_YOUR ASSIGNMENT:_ Report, in full, each line of the material below in which the string "Require" occurs.

_TASK MATERIAL:_
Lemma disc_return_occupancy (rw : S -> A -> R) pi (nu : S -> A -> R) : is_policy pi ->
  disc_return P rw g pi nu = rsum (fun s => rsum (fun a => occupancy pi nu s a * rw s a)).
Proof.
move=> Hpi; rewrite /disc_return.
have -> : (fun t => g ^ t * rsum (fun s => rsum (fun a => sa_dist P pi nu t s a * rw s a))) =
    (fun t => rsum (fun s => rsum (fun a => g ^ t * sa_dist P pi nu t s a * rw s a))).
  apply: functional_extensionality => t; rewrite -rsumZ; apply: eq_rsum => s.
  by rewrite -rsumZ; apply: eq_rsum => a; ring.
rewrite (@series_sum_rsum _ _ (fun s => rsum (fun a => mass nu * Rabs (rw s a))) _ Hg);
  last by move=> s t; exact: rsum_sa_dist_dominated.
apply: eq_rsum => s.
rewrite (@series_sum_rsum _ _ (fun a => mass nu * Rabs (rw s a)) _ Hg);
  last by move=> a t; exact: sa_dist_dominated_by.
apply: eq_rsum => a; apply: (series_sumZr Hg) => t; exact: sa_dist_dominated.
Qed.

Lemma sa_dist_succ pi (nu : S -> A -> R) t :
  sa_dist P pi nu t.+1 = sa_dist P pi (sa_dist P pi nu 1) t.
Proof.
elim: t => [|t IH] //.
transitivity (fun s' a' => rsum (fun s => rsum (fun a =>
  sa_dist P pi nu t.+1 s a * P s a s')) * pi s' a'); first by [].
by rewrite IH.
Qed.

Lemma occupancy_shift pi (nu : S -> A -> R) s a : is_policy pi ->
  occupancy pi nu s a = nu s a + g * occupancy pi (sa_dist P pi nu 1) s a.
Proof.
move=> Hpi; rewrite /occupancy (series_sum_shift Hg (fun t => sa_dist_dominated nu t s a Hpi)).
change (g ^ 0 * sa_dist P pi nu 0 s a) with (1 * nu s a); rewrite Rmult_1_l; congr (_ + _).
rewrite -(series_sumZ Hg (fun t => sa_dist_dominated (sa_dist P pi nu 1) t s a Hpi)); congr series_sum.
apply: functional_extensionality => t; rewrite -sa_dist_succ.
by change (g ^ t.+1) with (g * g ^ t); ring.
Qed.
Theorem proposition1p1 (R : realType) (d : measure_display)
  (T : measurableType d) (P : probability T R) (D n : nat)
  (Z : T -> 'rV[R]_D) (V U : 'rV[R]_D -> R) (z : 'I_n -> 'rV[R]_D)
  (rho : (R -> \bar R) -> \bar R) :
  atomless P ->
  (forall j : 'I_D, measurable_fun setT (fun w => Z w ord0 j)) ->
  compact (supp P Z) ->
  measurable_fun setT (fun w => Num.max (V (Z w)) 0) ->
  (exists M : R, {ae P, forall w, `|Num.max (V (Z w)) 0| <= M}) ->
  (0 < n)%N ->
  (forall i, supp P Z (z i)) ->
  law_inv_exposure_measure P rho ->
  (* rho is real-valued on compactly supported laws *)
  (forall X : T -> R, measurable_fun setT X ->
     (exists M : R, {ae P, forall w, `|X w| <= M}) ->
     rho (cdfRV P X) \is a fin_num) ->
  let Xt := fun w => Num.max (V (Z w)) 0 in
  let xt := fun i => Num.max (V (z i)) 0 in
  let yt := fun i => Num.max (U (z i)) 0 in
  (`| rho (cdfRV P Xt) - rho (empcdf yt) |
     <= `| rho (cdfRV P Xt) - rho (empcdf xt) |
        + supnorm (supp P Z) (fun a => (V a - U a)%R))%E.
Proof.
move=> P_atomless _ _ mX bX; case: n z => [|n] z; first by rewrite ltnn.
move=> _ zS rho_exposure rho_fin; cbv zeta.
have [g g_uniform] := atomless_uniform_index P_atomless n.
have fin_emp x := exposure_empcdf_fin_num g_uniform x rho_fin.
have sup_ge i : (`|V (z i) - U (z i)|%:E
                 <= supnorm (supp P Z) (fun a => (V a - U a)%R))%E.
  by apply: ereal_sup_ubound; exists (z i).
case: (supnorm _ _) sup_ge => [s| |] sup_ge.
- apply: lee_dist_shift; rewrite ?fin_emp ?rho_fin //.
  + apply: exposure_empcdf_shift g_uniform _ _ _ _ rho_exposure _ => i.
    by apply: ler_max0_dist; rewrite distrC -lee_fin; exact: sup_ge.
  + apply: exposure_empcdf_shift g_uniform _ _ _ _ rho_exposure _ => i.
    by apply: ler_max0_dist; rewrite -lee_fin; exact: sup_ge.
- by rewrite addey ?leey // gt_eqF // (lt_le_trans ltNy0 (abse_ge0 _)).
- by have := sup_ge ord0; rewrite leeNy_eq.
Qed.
---
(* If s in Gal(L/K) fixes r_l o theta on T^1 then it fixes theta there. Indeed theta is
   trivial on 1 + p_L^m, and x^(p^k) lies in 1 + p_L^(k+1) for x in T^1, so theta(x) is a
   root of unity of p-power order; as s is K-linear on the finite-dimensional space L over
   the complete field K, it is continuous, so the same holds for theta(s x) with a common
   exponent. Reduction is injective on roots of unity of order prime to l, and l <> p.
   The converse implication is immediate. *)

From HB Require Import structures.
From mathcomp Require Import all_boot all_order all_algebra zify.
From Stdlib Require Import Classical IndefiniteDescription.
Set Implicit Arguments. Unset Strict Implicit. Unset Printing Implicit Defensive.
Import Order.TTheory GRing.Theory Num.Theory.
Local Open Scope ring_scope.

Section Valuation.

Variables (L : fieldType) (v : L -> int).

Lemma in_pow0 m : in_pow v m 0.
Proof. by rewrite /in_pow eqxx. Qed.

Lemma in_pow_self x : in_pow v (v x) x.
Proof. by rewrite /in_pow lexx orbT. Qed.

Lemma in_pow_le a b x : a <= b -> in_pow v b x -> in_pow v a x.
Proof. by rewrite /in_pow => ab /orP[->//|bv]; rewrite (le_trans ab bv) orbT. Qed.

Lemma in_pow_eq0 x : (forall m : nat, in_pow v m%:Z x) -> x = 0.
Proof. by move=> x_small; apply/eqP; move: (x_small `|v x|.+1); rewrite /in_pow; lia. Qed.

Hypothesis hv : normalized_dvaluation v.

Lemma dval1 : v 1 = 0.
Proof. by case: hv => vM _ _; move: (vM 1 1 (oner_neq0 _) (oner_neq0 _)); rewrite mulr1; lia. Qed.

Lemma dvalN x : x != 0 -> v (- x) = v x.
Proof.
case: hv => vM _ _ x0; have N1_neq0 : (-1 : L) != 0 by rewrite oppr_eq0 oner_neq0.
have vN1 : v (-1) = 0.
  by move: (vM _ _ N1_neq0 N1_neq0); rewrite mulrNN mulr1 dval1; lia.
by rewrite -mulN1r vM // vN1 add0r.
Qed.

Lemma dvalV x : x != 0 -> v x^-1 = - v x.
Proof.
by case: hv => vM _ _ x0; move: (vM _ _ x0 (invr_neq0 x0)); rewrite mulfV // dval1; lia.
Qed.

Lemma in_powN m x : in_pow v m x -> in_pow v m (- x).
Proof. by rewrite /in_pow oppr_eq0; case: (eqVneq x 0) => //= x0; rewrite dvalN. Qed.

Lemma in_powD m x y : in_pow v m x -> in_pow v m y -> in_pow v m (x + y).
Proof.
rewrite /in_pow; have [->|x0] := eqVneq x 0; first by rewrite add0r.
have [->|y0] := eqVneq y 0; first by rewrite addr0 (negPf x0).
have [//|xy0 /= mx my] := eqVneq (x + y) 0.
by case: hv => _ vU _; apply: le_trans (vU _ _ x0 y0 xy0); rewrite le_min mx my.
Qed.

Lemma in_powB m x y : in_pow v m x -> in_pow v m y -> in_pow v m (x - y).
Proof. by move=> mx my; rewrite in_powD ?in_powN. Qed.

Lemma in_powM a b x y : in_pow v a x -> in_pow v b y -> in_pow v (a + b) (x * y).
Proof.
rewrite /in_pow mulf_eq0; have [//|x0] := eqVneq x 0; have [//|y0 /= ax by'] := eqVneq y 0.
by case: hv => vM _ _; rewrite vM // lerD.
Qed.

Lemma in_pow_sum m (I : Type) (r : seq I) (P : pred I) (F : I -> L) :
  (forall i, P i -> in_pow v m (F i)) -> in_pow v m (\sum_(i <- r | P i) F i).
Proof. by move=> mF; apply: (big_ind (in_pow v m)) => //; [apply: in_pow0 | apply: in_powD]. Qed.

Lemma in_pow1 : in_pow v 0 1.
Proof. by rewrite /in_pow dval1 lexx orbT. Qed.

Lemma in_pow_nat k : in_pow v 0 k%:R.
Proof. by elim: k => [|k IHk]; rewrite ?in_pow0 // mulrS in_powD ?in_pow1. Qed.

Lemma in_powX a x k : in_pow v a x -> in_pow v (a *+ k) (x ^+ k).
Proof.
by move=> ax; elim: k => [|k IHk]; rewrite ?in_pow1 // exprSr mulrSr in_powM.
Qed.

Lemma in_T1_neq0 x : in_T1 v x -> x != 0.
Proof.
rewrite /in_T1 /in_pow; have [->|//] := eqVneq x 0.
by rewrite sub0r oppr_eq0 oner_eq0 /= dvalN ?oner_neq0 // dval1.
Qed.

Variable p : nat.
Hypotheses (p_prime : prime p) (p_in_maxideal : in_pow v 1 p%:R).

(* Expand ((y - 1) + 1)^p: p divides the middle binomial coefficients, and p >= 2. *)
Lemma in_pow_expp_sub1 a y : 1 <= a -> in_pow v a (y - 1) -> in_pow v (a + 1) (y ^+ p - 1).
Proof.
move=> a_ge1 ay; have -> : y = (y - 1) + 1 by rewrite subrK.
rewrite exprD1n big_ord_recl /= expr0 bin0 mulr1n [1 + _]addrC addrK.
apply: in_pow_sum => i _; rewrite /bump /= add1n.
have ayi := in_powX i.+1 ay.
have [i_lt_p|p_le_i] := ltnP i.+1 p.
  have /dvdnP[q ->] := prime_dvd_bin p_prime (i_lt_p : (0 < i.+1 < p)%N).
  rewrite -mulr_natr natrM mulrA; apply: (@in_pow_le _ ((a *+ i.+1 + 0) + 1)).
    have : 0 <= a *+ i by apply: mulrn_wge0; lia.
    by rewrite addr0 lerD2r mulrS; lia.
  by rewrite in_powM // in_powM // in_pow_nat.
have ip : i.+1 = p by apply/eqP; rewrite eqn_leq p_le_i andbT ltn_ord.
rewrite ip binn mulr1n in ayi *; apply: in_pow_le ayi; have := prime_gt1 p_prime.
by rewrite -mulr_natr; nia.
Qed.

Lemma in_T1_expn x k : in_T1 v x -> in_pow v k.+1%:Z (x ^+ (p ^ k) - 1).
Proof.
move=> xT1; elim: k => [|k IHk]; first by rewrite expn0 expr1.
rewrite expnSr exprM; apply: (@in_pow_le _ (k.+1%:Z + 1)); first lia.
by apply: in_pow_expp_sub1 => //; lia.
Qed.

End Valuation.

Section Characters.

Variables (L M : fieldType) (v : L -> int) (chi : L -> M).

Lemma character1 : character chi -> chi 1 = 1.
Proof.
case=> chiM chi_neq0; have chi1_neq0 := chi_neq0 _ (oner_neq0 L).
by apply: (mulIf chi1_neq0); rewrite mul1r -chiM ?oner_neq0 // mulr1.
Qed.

_ANSWER SECTION:_
From HB Require Import structures.
From mathcomp Require Import all_boot all_order all_algebra zify.
From Stdlib Require Import Classical IndefiniteDescription.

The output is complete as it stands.